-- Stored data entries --

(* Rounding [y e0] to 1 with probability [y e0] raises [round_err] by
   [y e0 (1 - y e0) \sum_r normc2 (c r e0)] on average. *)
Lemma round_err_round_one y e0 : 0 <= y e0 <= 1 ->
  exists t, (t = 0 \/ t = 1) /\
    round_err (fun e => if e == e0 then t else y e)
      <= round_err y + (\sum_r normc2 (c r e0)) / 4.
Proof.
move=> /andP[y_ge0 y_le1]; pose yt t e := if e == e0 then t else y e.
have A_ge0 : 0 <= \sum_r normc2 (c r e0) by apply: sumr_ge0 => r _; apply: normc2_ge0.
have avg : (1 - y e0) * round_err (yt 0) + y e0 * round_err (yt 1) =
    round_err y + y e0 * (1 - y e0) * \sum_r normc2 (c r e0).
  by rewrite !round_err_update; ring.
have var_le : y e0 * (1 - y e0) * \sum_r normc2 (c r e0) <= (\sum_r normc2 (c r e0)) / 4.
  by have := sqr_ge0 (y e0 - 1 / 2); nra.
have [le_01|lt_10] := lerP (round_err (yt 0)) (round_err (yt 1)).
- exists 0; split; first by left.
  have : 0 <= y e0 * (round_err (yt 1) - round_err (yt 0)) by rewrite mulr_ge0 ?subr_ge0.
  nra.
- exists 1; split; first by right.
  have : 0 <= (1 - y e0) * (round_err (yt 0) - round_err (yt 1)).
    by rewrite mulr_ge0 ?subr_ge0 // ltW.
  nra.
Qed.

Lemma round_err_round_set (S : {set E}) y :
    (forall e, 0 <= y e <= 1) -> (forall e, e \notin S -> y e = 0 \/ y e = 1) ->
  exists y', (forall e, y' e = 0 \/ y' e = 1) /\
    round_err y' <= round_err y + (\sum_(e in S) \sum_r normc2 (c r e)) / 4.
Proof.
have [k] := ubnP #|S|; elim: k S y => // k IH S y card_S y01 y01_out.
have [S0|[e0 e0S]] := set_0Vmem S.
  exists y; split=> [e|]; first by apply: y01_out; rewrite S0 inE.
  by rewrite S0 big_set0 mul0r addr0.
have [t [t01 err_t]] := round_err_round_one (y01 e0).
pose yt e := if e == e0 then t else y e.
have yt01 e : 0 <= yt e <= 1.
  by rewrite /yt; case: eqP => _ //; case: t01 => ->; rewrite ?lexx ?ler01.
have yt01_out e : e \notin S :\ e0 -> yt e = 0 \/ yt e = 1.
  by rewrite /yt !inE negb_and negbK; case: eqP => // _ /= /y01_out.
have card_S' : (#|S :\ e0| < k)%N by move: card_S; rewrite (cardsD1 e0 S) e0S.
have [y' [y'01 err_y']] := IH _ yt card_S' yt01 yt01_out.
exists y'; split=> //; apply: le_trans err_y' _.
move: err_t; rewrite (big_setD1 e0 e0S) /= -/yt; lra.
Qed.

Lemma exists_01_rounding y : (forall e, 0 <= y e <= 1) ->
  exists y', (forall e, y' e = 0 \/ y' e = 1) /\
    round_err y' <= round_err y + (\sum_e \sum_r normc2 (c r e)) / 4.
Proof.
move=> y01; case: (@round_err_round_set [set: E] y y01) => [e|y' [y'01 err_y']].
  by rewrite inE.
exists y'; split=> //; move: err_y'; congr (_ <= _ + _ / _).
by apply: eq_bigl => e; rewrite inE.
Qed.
---
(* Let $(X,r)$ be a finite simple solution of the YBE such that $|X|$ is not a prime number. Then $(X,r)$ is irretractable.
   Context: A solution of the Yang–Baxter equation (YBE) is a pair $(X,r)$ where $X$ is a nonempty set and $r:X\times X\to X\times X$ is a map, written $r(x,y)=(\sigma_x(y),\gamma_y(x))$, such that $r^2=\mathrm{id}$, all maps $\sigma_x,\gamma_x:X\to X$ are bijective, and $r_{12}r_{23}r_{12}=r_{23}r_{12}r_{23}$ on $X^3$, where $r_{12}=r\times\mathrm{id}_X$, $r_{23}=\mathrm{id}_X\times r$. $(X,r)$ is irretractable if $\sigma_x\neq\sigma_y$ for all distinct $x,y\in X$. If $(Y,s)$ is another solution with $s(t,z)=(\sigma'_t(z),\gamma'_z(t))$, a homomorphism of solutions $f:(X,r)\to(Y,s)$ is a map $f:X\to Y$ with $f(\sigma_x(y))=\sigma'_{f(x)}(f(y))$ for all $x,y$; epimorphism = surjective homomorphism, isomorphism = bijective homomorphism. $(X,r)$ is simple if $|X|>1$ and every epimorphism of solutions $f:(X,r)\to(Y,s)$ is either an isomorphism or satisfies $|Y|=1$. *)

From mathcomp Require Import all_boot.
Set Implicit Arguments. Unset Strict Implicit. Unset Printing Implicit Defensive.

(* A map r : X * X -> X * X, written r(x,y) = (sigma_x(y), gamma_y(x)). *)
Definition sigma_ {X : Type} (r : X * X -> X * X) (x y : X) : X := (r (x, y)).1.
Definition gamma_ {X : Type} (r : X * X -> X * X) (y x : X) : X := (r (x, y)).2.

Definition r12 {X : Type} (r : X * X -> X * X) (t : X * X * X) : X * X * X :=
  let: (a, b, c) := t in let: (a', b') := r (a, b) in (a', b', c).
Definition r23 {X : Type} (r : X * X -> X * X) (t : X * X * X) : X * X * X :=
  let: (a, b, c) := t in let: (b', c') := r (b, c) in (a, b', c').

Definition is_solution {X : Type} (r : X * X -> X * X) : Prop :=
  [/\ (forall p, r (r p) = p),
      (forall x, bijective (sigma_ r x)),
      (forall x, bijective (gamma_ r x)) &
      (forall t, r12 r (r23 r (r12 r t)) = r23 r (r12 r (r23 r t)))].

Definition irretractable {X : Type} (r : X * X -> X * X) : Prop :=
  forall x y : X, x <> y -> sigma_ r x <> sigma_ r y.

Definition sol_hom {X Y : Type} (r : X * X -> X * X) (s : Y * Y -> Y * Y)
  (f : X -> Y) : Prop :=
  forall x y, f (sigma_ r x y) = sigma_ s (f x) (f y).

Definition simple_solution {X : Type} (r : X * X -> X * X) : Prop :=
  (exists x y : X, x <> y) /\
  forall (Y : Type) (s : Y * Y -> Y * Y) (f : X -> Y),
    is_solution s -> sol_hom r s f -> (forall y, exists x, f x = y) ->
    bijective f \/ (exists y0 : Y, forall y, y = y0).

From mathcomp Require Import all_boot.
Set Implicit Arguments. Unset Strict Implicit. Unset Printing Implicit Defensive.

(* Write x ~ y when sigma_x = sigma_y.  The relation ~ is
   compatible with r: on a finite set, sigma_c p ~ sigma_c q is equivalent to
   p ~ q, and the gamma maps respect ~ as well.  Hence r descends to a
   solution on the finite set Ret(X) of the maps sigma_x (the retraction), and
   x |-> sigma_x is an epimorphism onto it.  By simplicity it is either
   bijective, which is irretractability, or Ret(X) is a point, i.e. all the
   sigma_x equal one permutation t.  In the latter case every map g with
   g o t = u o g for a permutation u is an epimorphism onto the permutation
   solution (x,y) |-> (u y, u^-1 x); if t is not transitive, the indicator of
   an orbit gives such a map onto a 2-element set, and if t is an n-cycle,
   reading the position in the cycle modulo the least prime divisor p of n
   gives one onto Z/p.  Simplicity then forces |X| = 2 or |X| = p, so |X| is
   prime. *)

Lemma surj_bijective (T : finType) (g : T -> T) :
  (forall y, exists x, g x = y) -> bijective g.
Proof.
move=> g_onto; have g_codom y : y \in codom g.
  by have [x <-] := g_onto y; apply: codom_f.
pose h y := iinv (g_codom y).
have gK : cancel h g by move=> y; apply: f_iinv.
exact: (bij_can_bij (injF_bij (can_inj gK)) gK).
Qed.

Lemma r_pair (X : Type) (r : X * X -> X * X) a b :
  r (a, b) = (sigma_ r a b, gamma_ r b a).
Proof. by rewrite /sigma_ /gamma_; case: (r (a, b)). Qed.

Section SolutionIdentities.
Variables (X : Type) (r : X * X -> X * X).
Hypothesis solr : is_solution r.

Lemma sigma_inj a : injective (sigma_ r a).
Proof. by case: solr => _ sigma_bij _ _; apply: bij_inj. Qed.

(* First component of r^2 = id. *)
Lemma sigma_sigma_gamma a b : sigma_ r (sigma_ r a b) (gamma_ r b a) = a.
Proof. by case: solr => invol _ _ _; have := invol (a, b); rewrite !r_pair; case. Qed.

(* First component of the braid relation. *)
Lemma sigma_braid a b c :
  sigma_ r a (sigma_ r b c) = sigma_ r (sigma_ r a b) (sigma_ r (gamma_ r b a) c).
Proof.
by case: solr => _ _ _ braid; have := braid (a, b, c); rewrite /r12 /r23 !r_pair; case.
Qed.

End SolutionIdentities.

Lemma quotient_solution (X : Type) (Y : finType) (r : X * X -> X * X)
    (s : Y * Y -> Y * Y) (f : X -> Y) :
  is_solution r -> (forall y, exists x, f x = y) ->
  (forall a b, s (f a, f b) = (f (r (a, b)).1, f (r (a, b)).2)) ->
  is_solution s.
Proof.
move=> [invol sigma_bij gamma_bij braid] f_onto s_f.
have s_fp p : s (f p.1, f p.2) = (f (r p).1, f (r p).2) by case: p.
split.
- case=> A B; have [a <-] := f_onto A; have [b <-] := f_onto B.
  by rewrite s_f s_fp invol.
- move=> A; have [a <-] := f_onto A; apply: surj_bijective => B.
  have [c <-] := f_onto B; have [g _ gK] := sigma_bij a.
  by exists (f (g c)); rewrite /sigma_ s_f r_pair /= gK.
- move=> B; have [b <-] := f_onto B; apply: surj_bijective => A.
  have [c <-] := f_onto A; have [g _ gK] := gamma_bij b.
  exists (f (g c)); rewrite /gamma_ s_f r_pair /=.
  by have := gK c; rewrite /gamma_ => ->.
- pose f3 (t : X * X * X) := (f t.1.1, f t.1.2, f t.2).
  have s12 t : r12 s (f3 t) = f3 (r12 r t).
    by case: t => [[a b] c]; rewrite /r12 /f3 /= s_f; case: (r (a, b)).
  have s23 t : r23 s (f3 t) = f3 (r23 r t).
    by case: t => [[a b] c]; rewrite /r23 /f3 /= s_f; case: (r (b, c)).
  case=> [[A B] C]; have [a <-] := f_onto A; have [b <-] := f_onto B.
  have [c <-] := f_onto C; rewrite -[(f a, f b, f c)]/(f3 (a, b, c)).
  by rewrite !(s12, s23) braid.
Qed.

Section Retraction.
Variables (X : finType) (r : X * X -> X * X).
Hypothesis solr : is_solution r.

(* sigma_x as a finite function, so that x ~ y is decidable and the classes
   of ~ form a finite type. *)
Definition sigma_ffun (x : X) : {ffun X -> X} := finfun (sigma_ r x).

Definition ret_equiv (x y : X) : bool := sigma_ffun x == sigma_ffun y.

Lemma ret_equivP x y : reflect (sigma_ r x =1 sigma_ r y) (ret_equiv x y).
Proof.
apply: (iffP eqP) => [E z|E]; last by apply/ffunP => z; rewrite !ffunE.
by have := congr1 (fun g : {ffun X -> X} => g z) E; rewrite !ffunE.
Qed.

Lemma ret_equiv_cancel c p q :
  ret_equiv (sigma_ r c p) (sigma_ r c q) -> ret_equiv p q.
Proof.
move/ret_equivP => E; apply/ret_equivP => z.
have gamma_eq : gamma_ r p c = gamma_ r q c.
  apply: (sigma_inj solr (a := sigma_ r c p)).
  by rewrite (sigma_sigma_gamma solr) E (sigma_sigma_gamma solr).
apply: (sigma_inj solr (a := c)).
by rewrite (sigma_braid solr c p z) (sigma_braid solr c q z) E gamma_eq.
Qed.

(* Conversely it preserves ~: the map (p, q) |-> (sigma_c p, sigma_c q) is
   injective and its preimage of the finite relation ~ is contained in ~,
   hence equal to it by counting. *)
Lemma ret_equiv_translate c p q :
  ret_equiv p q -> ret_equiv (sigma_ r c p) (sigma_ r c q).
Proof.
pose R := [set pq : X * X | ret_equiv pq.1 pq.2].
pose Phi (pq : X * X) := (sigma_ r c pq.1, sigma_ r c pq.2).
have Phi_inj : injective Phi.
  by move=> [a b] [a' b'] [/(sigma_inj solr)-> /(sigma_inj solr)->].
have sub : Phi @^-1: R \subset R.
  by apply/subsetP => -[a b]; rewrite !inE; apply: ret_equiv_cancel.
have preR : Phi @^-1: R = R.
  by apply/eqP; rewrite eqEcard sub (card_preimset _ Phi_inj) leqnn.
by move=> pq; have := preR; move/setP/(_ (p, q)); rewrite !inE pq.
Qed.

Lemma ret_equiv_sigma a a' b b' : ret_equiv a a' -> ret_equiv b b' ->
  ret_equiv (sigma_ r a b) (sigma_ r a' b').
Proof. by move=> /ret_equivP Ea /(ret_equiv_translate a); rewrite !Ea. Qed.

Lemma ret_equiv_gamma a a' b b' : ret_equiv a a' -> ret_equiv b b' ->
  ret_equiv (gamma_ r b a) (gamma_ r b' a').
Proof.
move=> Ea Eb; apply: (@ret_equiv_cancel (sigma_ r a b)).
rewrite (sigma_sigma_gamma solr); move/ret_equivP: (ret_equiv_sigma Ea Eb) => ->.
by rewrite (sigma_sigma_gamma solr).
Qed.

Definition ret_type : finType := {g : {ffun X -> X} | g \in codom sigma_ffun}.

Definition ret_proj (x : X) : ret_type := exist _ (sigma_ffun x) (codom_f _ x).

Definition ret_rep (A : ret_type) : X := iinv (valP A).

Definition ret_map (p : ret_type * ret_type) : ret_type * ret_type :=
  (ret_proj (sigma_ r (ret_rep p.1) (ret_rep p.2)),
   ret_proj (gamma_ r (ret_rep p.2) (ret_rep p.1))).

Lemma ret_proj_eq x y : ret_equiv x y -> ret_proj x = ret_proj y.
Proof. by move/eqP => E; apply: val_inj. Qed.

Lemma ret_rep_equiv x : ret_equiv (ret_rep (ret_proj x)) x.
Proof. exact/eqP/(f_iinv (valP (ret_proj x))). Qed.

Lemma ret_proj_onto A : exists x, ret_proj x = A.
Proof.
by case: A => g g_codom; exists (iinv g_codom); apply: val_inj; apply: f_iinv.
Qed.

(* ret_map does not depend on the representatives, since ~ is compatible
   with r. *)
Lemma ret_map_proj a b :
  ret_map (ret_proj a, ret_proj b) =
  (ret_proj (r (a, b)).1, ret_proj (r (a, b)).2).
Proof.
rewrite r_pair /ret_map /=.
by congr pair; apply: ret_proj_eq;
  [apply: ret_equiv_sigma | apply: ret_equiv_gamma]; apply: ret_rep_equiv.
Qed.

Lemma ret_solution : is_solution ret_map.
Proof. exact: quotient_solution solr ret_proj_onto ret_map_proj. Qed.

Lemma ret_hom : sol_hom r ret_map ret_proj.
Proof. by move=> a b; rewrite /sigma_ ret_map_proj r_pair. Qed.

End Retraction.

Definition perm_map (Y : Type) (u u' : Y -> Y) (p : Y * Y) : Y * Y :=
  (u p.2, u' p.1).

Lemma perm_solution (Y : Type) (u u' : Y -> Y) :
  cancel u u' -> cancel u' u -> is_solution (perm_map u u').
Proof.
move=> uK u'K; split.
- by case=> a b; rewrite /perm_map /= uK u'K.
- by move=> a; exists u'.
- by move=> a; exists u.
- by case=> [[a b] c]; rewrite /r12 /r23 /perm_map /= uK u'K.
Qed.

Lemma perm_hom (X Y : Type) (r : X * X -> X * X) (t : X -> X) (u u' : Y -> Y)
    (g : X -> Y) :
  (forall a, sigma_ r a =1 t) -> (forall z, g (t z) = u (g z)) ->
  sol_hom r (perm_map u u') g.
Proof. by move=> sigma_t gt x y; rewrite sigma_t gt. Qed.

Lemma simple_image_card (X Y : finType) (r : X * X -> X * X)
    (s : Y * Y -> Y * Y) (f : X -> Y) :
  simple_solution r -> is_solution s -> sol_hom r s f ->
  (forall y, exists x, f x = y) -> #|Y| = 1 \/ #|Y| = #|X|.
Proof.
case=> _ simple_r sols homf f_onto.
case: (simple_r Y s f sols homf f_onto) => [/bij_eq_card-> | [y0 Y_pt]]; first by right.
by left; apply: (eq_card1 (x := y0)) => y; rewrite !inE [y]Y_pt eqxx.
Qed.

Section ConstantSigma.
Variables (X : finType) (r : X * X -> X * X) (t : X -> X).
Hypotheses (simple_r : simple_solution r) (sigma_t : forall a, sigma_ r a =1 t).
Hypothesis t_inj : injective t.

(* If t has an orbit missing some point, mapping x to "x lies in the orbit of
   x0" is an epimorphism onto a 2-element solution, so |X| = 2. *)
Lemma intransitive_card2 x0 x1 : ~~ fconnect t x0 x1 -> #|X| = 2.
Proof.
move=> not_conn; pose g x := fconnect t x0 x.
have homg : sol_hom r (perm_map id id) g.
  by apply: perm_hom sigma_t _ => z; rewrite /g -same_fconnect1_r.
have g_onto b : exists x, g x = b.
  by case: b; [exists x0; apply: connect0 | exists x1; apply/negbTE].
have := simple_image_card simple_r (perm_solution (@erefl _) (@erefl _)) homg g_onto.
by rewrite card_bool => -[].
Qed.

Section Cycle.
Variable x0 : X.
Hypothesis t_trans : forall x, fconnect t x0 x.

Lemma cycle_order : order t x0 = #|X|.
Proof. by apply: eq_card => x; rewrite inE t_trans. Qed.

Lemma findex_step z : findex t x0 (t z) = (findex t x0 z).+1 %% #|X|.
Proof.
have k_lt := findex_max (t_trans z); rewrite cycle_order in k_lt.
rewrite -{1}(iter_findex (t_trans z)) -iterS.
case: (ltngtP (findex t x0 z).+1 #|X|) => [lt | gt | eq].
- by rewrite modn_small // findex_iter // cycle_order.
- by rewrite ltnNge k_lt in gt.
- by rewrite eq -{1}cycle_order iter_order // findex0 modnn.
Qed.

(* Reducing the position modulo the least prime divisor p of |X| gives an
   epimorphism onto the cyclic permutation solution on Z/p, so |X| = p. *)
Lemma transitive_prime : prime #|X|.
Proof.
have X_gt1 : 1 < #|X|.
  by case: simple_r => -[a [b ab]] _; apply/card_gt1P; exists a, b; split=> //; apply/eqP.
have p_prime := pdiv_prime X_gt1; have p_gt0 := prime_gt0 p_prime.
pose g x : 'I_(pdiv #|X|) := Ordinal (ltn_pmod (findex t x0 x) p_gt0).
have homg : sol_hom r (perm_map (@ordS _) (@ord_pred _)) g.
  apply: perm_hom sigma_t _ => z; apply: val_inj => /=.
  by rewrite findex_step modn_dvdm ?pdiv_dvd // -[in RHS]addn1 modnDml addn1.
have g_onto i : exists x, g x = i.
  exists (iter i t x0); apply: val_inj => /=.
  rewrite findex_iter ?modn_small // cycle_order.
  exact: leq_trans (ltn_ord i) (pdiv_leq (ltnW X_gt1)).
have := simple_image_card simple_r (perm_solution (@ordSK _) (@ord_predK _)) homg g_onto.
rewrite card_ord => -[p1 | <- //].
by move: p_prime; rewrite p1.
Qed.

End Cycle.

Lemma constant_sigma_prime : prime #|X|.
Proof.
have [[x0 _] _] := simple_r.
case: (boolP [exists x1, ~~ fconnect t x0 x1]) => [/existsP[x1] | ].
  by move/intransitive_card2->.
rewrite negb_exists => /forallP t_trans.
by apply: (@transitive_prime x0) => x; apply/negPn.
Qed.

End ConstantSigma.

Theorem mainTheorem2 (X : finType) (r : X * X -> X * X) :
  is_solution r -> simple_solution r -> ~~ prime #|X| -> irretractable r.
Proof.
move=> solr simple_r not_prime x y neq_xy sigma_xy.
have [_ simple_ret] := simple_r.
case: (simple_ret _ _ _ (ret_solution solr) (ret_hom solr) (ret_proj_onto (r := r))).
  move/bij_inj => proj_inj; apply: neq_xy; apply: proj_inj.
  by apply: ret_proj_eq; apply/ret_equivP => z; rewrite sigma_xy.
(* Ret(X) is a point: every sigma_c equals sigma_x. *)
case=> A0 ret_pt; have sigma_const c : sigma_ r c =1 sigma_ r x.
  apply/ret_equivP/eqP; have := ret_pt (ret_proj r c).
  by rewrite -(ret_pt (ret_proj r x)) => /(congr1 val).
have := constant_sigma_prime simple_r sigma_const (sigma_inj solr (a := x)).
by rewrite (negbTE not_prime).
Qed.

-- PROBLEM TO SOLVE --
Output the lines of the records above exactly as they appear, from the line containing "move/ret_equivP => E; apply/ret_equivP => z." through the line containing "have preR : Phi @^-1: R = R.".

-- ANSWER FOR THIS EXERCISE --
move/ret_equivP => E; apply/ret_equivP => z.
have gamma_eq : gamma_ r p c = gamma_ r q c.
  apply: (sigma_inj solr (a := sigma_ r c p)).
  by rewrite (sigma_sigma_gamma solr) E (sigma_sigma_gamma solr).
apply: (sigma_inj solr (a := c)).
by rewrite (sigma_braid solr c p z) (sigma_braid solr c q z) E gamma_eq.
Qed.

(* Conversely it preserves ~: the map (p, q) |-> (sigma_c p, sigma_c q) is
   injective and its preimage of the finite relation ~ is contained in ~,
   hence equal to it by counting. *)
Lemma ret_equiv_translate c p q :
  ret_equiv p q -> ret_equiv (sigma_ r c p) (sigma_ r c q).
Proof.
pose R := [set pq : X * X | ret_equiv pq.1 pq.2].
pose Phi (pq : X * X) := (sigma_ r c pq.1, sigma_ r c pq.2).
have Phi_inj : injective Phi.
  by move=> [a b] [a' b'] [/(sigma_inj solr)-> /(sigma_inj solr)->].
have sub : Phi @^-1: R \subset R.
  by apply/subsetP => -[a b]; rewrite !inE; apply: ret_equiv_cancel.
have preR : Phi @^-1: R = R.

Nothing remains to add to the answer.